A popular Firefox add-on is secretly logging users' browsing history, according to reports from the author of the uBlock Origin ad blocker and Mike Kuketz, a German privacy and security blogger. The add-on in question is named Web Security and is currently installed by 222,746 Firefox users, according to the official Mozilla Add-ons Portal. The add-on's description claims Web Security "actively protects you from malware, tampered websites or phishing sites that aim to steal your personal data."

Its high install count and positive reviews got the add-on on a list of recommended security and privacy add-ons on the official Firefox blog last week.

But this boost of attention from the Mozilla team didn't go down as intended. Hours after Mozilla's blog post, Raymond Hill, the author of the uBlock Origin ad blocker pointed out on Reddit that the add-on exhibited a weird behavior.

"With this extension, I see that for every page you load in your browser, there is a POST to http://136.243.163.73 Hill said. "The posted data is garbled, maybe someone will have the time to investigate further."

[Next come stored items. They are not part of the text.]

(* Let $n\ge 1$ and consider the $n$-qubit bit flip (repetition) code, with encoded states $\overline{|0\rangle}=|0\rangle^{\otimes n}$ and $\overline{|1\rangle}=|1\rangle^{\otimes n}$. Suppose each of the $n$ physical qubits independently suffers the Pauli error $\sigma\in\{I,X,Y,Z\}$ with probability $p_\sigma$, where $p_I+p_X+p_Y+p_Z=1$. Put $q_X=p_X+p_Y$ and, for $0\le k\le n$, $$a_k=\binom{n}{k}q_X^k(1-q_X)^{n-k},\qquad b_k=\binom{n}{k}(p_X-p_Y)^k(p_I-p_Z)^{n-k}.$$ For $0\le k<\frac n2$, the probability $l_\sigma(k)$ of measuring a syndrome corresponding to an error of distance $k$ and having resulting logical error $\sigma$ is $$l_I(k)=\frac{a_k+b_k}{2},\quad l_X(k)=\frac{a_{n-k}+b_{n-k}}{2},\quad l_Y(k)=\frac{a_{n-k}-b_{n-k}}{2},\quad l_Z(k)=\frac{a_k-b_k}{2}.$$ If $n$ is even, then for $k=\frac n2$, $$l_I(\tfrac n2)=l_X(\tfrac n2)=\frac{a_{n/2}+b_{n/2}}{4},\qquad l_Y(\tfrac n2)=l_Z(\tfrac n2)=\frac{a_{n/2}-b_{n/2}}{4}.$$
   Context: An $n$-qubit Pauli error $E$ (tensor product of single-qubit Paulis, up to phase) has a bit-flip pattern $s\in\{0,1\}^n$, where $s_i=1$ iff the $i$-th factor is $X$ or $Y$. Syndrome measurement of the bit flip code (stabilizers $Z_iZ_{i+1}$) reveals $s$ up to complementation, i.e. the unordered pair $\{s,\bar s\}$. Such a syndrome is said to correspond to an error of distance $k=\min(|s|,n-|s|)$, where $|s|$ is the Hamming weight. Recovery applies $X$ on the qubits of the minimum-weight representative of $\{s,\bar s\}$ (when $|s|=n/2$, a fixed choice of one of the two representatives is made). After recovery the residual operator equals, up to phase and stabilizers, a logical operator $\overline{X}^{\alpha}\overline{Z}^{\beta}$, where $\alpha=1$ iff the applied representative differs from $s$ (i.e. a logical bit flip occurred) and $\beta=1$ iff the total number of phase-type components of the residual is odd (a logical phase flip). The logical error $\sigma$ is $I,X,Z,Y$ for $(\alpha,\beta)=(0,0),(1,0),(0,1),(1,1)$ respectively. *)

From mathcomp Require Import all_boot all_order all_algebra.
Set Implicit Arguments. Unset Strict Implicit. Unset Printing Implicit Defensive.
Import Order.TTheory GRing.Theory Num.Theory.

(* Single-qubit Paulis up to phase, in symplectic form (x-part, z-part):
   I = (false,false), X = (true,false), Y = (true,true), Z = (false,true). *)
Definition Pauli := (bool * bool)%type.
Definition PI : Pauli := (false, false).
Definition PX : Pauli := (true, false).
Definition PY : Pauli := (true, true).
Definition PZ : Pauli := (false, true).

(* Logical errors X^alpha Z^beta are encoded as (alpha, beta), so the
   logical error sigma in {I,X,Y,Z} uses the same encoding as above. *)

Section Code.
Variable n : nat.

Definition error := {ffun 'I_n -> Pauli}.

Definition flips (E : error) : {set 'I_n} := [set i | (E i).1].

Definition dist (E : error) : nat := minn #|flips E| (n - #|flips E|).

(* Recovery: the minimum-weight representative of {s, ~s};
   when |s| = n/2 the fixed choice [tie s] is used. *)
Definition recovery (tie : {set 'I_n} -> {set 'I_n}) (s : {set 'I_n}) :
  {set 'I_n} :=
  if (#|s|).*2 < n then s
  else if n < (#|s|).*2 then ~: s
  else tie s.

(* a valid tie-breaking rule: picks one of the two representatives,
   depending only on the syndrome (the unordered pair {s, ~s}) *)
Definition valid_tie (tie : {set 'I_n} -> {set 'I_n}) : Prop :=
  forall s : {set 'I_n}, (#|s|).*2 = n ->
    (tie s = s \/ tie s = ~: s) /\ tie (~: s) = tie s.

(* residual operator E * X^{r} (up to phase) *)
Definition residual (tie : {set 'I_n} -> {set 'I_n}) (E : error) : error :=
  [ffun i => (((E i).1 (+) (i \in recovery tie (flips E))), (E i).2)].

Definition logical (tie : {set 'I_n} -> {set 'I_n}) (E : error) : Pauli :=
  (recovery tie (flips E) != flips E,
   odd #|[set i | (residual tie E i).2]|).

Variable R : realFieldType.

Definition err_prob (p : Pauli -> R) (E : error) : R := \prod_i p (E i).

Definition lprob (tie : {set 'I_n} -> {set 'I_n}) (p : Pauli -> R)
  (sigma : Pauli) (k : nat) : R :=
  \sum_(E : error | (dist E == k) && (logical tie E == sigma)) err_prob p E.

Local Open Scope ring_scope.

Definition qX (p : Pauli -> R) : R := p PX + p PY.

Definition acoef (p : Pauli -> R) (k : nat) : R :=
  'C(n, k)%:R * qX p ^+ k * (1 - qX p) ^+ (n - k).

Definition bcoef (p : Pauli -> R) (k : nat) : R :=
  'C(n, k)%:R * (p PX - p PY) ^+ k * (p PI - p PZ) ^+ (n - k).

End Code.

From mathcomp Require Import all_boot all_order all_algebra.
From mathcomp Require Import ring lra zify.
Set Implicit Arguments. Unset Strict Implicit. Unset Printing Implicit Defensive.
Import Order.TTheory GRing.Theory Num.Theory.
Local Open Scope ring_scope.

(* Group the errors by their bit-flip pattern S. The channel is i.i.d., so the
   errors with pattern S have total probability q_X^|S| (1 - q_X)^(n - |S|),
   and weighting each of them by (-1)^(number of Z-components) turns every
   qubit factor p_X + p_Y (resp. p_I + p_Z) into p_X - p_Y (resp. p_I - p_Z).
   Half the sum and half the difference of these two quantities are the
   probabilities that the phase parity is even or odd. What remains is to
   count the patterns S leading to distance k and to a logical bit flip:
   they are the sets of size k (no flip) or n - k (flip) when 2k < n; when
   2k = n they are the sets of size k, split evenly between the two outcomes
   because complementation preserves the tie-breaking choice but exchanges
   the outcomes. *)

Lemma sum_ffun_preimset (I T : finType) (R : comNzRingType) (key : pred T)
    (u : I -> T -> R) (S : {set I}) :
  \sum_(f : {ffun I -> T} | [set i | key (f i)] == S) \prod_i u i (f i) =
  \prod_i \sum_(t | key t == (i \in S)) u i t.
Proof.
under eq_bigr do rewrite big_mkcond.
rewrite bigA_distr_bigA /= [LHS]big_mkcond; apply: eq_bigr => f _ /=.
case: eqP => [<- | neqS].
  by apply: eq_bigr => i _; rewrite inE eqxx.
have [i /negbTE keyN | keyE] := pickP (fun i => key (f i) != (i \in S)).
  by rewrite (bigD1 i) //= keyN mul0r.
by case: neqS; apply/setP => i; rewrite inE; apply/eqP/negbFE/keyE.
Qed.

Lemma sum_pauli_fst (R : comNzRingType) (u : Pauli -> R) (b : bool) :
  \sum_(P : Pauli | P.1 == b) u P = u (b, false) + u (b, true).
Proof.
rewrite big_mkcond.
rewrite (eq_bigr (fun P : Pauli => if P.1 == b then u (P.1, P.2) else 0));
  last by case.
rewrite -(pair_bigA _ (fun x y => if x == b then u (x, y) else 0)) /= !big_bool.
by case: b; rewrite /= ?addr0 ?add0r addrC.
Qed.

Lemma prodr_if_in (I : finType) (R : comNzRingType) (S : {set I}) (x y : R) :
  \prod_i (if i \in S then x else y) = x ^+ #|S| * y ^+ #|~: S|.
Proof.
rewrite (bigID (mem S)) /= -!prodr_const.
congr (_ * _); apply: eq_big => [i | i]; rewrite ?inE //.
- by move=> ->.
- by move=> /negbTE ->.
Qed.

Lemma prodr_sign_card (I : finType) (R : comNzRingType) (b : I -> bool) :
  \prod_i (-1) ^+ b i = (-1) ^+ #|[set i | b i]| :> R.
Proof.
have := @prodr_if_in _ _ [set i | b i] (-1 : R) 1%R; rewrite expr1n mulr1 => <-.
by apply: eq_bigr => i _; rewrite inE; case: (b i).
Qed.

Lemma setC_neq (T : finType) (A : {set T}) : (0 < #|A|)%N -> ~: A != A.
Proof.
move=> A_gt0; apply/eqP => CA.
by move: A_gt0; have := setICr A; rewrite CA setIid => ->; rewrite cards0.
Qed.

Section SyndromeCounting.
Variables (n : nat) (tie : {set 'I_n} -> {set 'I_n}).

Lemma max_card_ord (A : {set 'I_n}) : (#|A| <= n)%N.
Proof. by rewrite -[n in (_ <= n)%N]card_ord max_card. Qed.

Lemma cardsC_ord (A : {set 'I_n}) : #|~: A| = (n - #|A|)%N.
Proof. by rewrite cardsCs setCK card_ord. Qed.

Lemma syndrome_below_half (A : {set 'I_n}) k (b : bool) : (k.*2 < n)%N ->
  (minn #|A| (n - #|A|) == k) && ((recovery tie A != A) == b) =
  (#|A| == if b then n - k else k)%N.
Proof.
move=> k_lt; rewrite -muln2 in k_lt.
have CA : (n < #|A| * 2)%N -> ~: A != A by move=> ?; apply: setC_neq; lia.
rewrite /recovery -!muln2; move: #|A| (max_card_ord A) CA => c c_le CA.
case: ltngtP => c_cmp.
- case: b; rewrite /= ?eqxx ?andbT ?andbF.
  + by apply/esym/negbTE/eqP; lia.
  + by apply/eqP/eqP; lia.
- case: b; rewrite CA //= ?andbT ?andbF.
  + by apply/eqP/eqP; lia.
  + by apply/esym/negbTE/eqP; lia.
- rewrite (_ : minn _ _ == k = false) ?andFb; last by apply/negbTE/eqP; lia.
  by case: b; apply/esym/negbTE/eqP; lia.
Qed.

Lemma syndrome_at_half (A : {set 'I_n}) h (b : bool) : h.*2 = n ->
  (minn #|A| (n - #|A|) == h) && ((recovery tie A != A) == b) =
  (#|A| == h) && ((tie A != A) == b).
Proof.
move=> hn; have A_le := max_card_ord A.
have [A_h | A_h] := eqVneq #|A| h.
  by rewrite /recovery A_h hn ltnn (_ : minn h (n - h) == h) //; apply/eqP; lia.
by rewrite (_ : minn _ _ == h = false) //; apply/negbTE/eqP; lia.
Qed.

Lemma sum_card_eq (R : comNzRingType) h (F : nat -> R) :
  \sum_(A : {set 'I_n}) (#|A| == h)%:R * F #|A| = 'C(n, h)%:R * F h.
Proof.
rewrite (eq_bigr (fun A : {set 'I_n} => (#|A| == h)%:R * F h)); last first.
  by move=> A _; case: eqP => [-> | _]; rewrite ?mul0r.
rewrite -mulr_suml -[n in 'C(n, h)]card_ord -card_draws -sum1_card natr_sum.
congr (_ * _); rewrite [RHS]big_mkcond; apply: eq_bigr => A _.
by rewrite inE; case: (_ == _).
Qed.

Hypothesis tie_valid : valid_tie tie.

Lemma sum_tie_outcome (R : realFieldType) h (b : bool) :
  (0 < n)%N -> h.*2 = n ->
  \sum_(A : {set 'I_n}) ((#|A| == h) && ((tie A != A) == b))%:R =
  'C(n, h)%:R / 2 :> R.
Proof.
move=> n_gt0 hn.
pose X c := \sum_(A : {set 'I_n}) ((#|A| == h) && ((tie A != A) == c))%:R : R.
have X_sum : X true + X false = 'C(n, h)%:R.
  rewrite -big_split /= -[RHS]mulr1 -(sum_card_eq h (fun=> 1 : R)).
  apply: eq_bigr => A _.
  by case: (#|A| == h); case: (tie A != A); rewrite /= ?addr0 ?add0r ?mulr1.
(* complementation exchanges the two outcomes among the sets of size h *)
have X_sym : X true = X false.
  rewrite /X [RHS](reindex_inj (@setC_inj _)) /=; apply: eq_bigr => S _.
  rewrite cardsC_ord.
  have [S_h | S_h] := eqVneq #|S| h; last first.
    by rewrite (_ : (n - #|S| == h)%N = false) //; apply/negbTE/eqP; lia.
  have [tieS tieC] := tie_valid (etrans (congr1 double S_h) hn).
  have S_gt0 : (0 < #|S|)%N by lia.
  rewrite S_h (_ : (n - h == h)%N) /=; last by apply/eqP; lia.
  rewrite tieC; case: tieS => ->.
  - by rewrite eqxx /= [S == _]eq_sym (setC_neq S_gt0).
  - by rewrite eqxx (setC_neq S_gt0).
by rewrite -/(X b); case: b; lra.
Qed.

End SyndromeCounting.

Section PauliChannel.
Variables (n : nat) (R : realFieldType) (p : Pauli -> R).
Hypothesis p_sum1 : p PI + p PX + p PY + p PZ = 1.

Definition zsupp (E : error n) : {set 'I_n} := [set i | (E i).2].

Definition pattern_prob (h : nat) : R := qX p ^+ h * (1 - qX p) ^+ (n - h).

Definition pattern_bias (h : nat) : R :=
  (p PX - p PY) ^+ h * (p PI - p PZ) ^+ (n - h).

Lemma sum_err_prob_flips (S : {set 'I_n}) :
  \sum_(E : error n | flips E == S) err_prob p E = pattern_prob #|S|.
Proof.
rewrite (sum_ffun_preimset fst (fun=> p)) /pattern_prob -cardsC_ord.
rewrite -prodr_if_in; apply: eq_bigr => i _; rewrite sum_pauli_fst /qX.
by case: (i \in S); move: p_sum1; rewrite /PI /PX /PY /PZ /=; lra.
Qed.

Lemma sum_signed_err_prob_flips (S : {set 'I_n}) :
  \sum_(E : error n | flips E == S) err_prob p E * (-1) ^+ #|zsupp E| =
  pattern_bias #|S|.
Proof.
under eq_bigr do rewrite -prodr_sign_card -big_split /=.
rewrite (sum_ffun_preimset fst (fun _ P => p P * (-1) ^+ P.2)) /pattern_bias.
rewrite -cardsC_ord -prodr_if_in; apply: eq_bigr => i _.
by rewrite sum_pauli_fst; case: (i \in S); rewrite /= expr0 expr1; ring.
Qed.

(* the indicator of [odd m == b] is (1 + (-1)^b (-1)^m) / 2 *)
Lemma sum_err_prob_flips_parity (S : {set 'I_n}) (b : bool) :
  \sum_(E : error n | (flips E == S) && (odd #|zsupp E| == b)) err_prob p E =
  (pattern_prob #|S| + (-1) ^+ b * pattern_bias #|S|) / 2.
Proof.
rewrite big_mkcondr /= -sum_err_prob_flips -sum_signed_err_prob_flips.
rewrite mulr_sumr -big_split /= mulr_suml; apply: eq_bigr => E _.
rewrite -[(-1) ^+ #|zsupp E|]signr_odd; case: b; case: (odd _).
all: by rewrite /= ?expr0 ?expr1; field.
Qed.

Variable tie : {set 'I_n} -> {set 'I_n}.

Definition logical_weight (sigma : Pauli) (h : nat) : R :=
  (pattern_prob h + (-1) ^+ sigma.2 * pattern_bias h) / 2.

Lemma lprob_by_flips (sigma : Pauli) k :
  lprob tie p sigma k = \sum_(S : {set 'I_n})
    ((minn #|S| (n - #|S|) == k) && ((recovery tie S != S) == sigma.1))%:R *
    logical_weight sigma #|S|.
Proof.
rewrite /lprob (partition_big (@flips n) xpredT) //=; apply: eq_bigr => S _.
have resZ E : [set i | (residual tie E i).2] = zsupp E.
  by apply/setP => i; rewrite !inE ffunE.
case: sigma => sx sz /=.
case: (boolP (_ && _)) => S_ok; rewrite /= ?mul1r ?mul0r.
  rewrite /logical_weight -sum_err_prob_flips_parity; apply: eq_bigl => E.
  case: (eqVneq (flips E) S) => [ES | _]; last by rewrite !andbF.
  by rewrite /dist /logical ES resZ xpair_eqE andbA S_ok andbT.
apply: big1 => E /andP[/andP[/eqP dist_k /eqP logE] /eqP ES]; move: S_ok.
by rewrite -ES -[minn _ _]/(dist E) dist_k -[sx]/((sx, sz).1) -logE /= !eqxx.
Qed.

Lemma binomial_logical_weight (sigma : Pauli) h :
  'C(n, h)%:R * logical_weight sigma h =
  (acoef n p h + (-1) ^+ sigma.2 * bcoef n p h) / 2.
Proof.
by rewrite /logical_weight /pattern_prob /pattern_bias /acoef /bcoef; ring.
Qed.

Lemma lprob_below_half (sigma : Pauli) k : (k.*2 < n)%N ->
  let m := if sigma.1 then (n - k)%N else k in
  lprob tie p sigma k = (acoef n p m + (-1) ^+ sigma.2 * bcoef n p m) / 2.
Proof.
move=> k_lt m; rewrite lprob_by_flips -binomial_logical_weight -sum_card_eq.
by apply: eq_bigr => S _; rewrite syndrome_below_half.
Qed.

Lemma lprob_at_half (sigma : Pauli) h :
  valid_tie tie -> (0 < n)%N -> h.*2 = n ->
  lprob tie p sigma h = (acoef n p h + (-1) ^+ sigma.2 * bcoef n p h) / 4.
Proof.
move=> tie_valid n_gt0 hn; rewrite lprob_by_flips.
rewrite (eq_bigr (fun S : {set 'I_n} =>
  ((#|S| == h) && ((tie S != S) == sigma.1))%:R * logical_weight sigma h)).
  rewrite -mulr_suml sum_tie_outcome // mulrAC binomial_logical_weight.
  by field.
move=> S _; rewrite syndrome_at_half //.
by have [-> // | _] := eqVneq #|S| h; rewrite /= !mul0r.
Qed.

End PauliChannel.

Theorem lemma1 (R : realFieldType) (n : nat) (hn : (1 <= n)%N)
  (p : Pauli -> R) (hp0 : forall s, 0 <= p s)
  (hp1 : p PI + p PX + p PY + p PZ = 1)
  (tie : {set 'I_n} -> {set 'I_n}) (htie : valid_tie tie) :
  (forall k : nat, (k.*2 < n)%N ->
     [/\ lprob tie p PI k = (acoef n p k + bcoef n p k) / 2,
         lprob tie p PX k = (acoef n p (n - k) + bcoef n p (n - k)) / 2,
         lprob tie p PY k = (acoef n p (n - k) - bcoef n p (n - k)) / 2 &
         lprob tie p PZ k = (acoef n p k - bcoef n p k) / 2]) /\
  (~~ odd n ->
     [/\ lprob tie p PI n./2 = (acoef n p n./2 + bcoef n p n./2) / 4,
         lprob tie p PX n./2 = (acoef n p n./2 + bcoef n p n./2) / 4,
         lprob tie p PY n./2 = (acoef n p n./2 - bcoef n p n./2) / 4 &
         lprob tie p PZ n./2 = (acoef n p n./2 - bcoef n p n./2) / 4]).
Proof.
split=> [k k_lt | n_even].
  by rewrite !(lprob_below_half hp1) //= expr0 expr1 !mul1r !mulN1r.
have half_n : n./2.*2 = n by rewrite -[RHS]odd_double_half (negbTE n_even).
by rewrite !(lprob_at_half hp1) //= expr0 expr1 !mul1r !mulN1r.
Qed.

Hill's warning went under the radar for a few days until yesterday, when Kuketz, a popular German blogger, posted an article about the same behavior. Hours later, a user on Kuketz's forum managed to decode the "garbled" data, revealing that the add-on was secretly sending the URL of visited pages to a German server. Under normal circumstances, a Firefox add-on that needs to scan for threats might be entitled to check the URLs it scans on a remote server, but according to a format of the data the add-on was sending to the remote server, Web Security appears to be logging more than the current URL.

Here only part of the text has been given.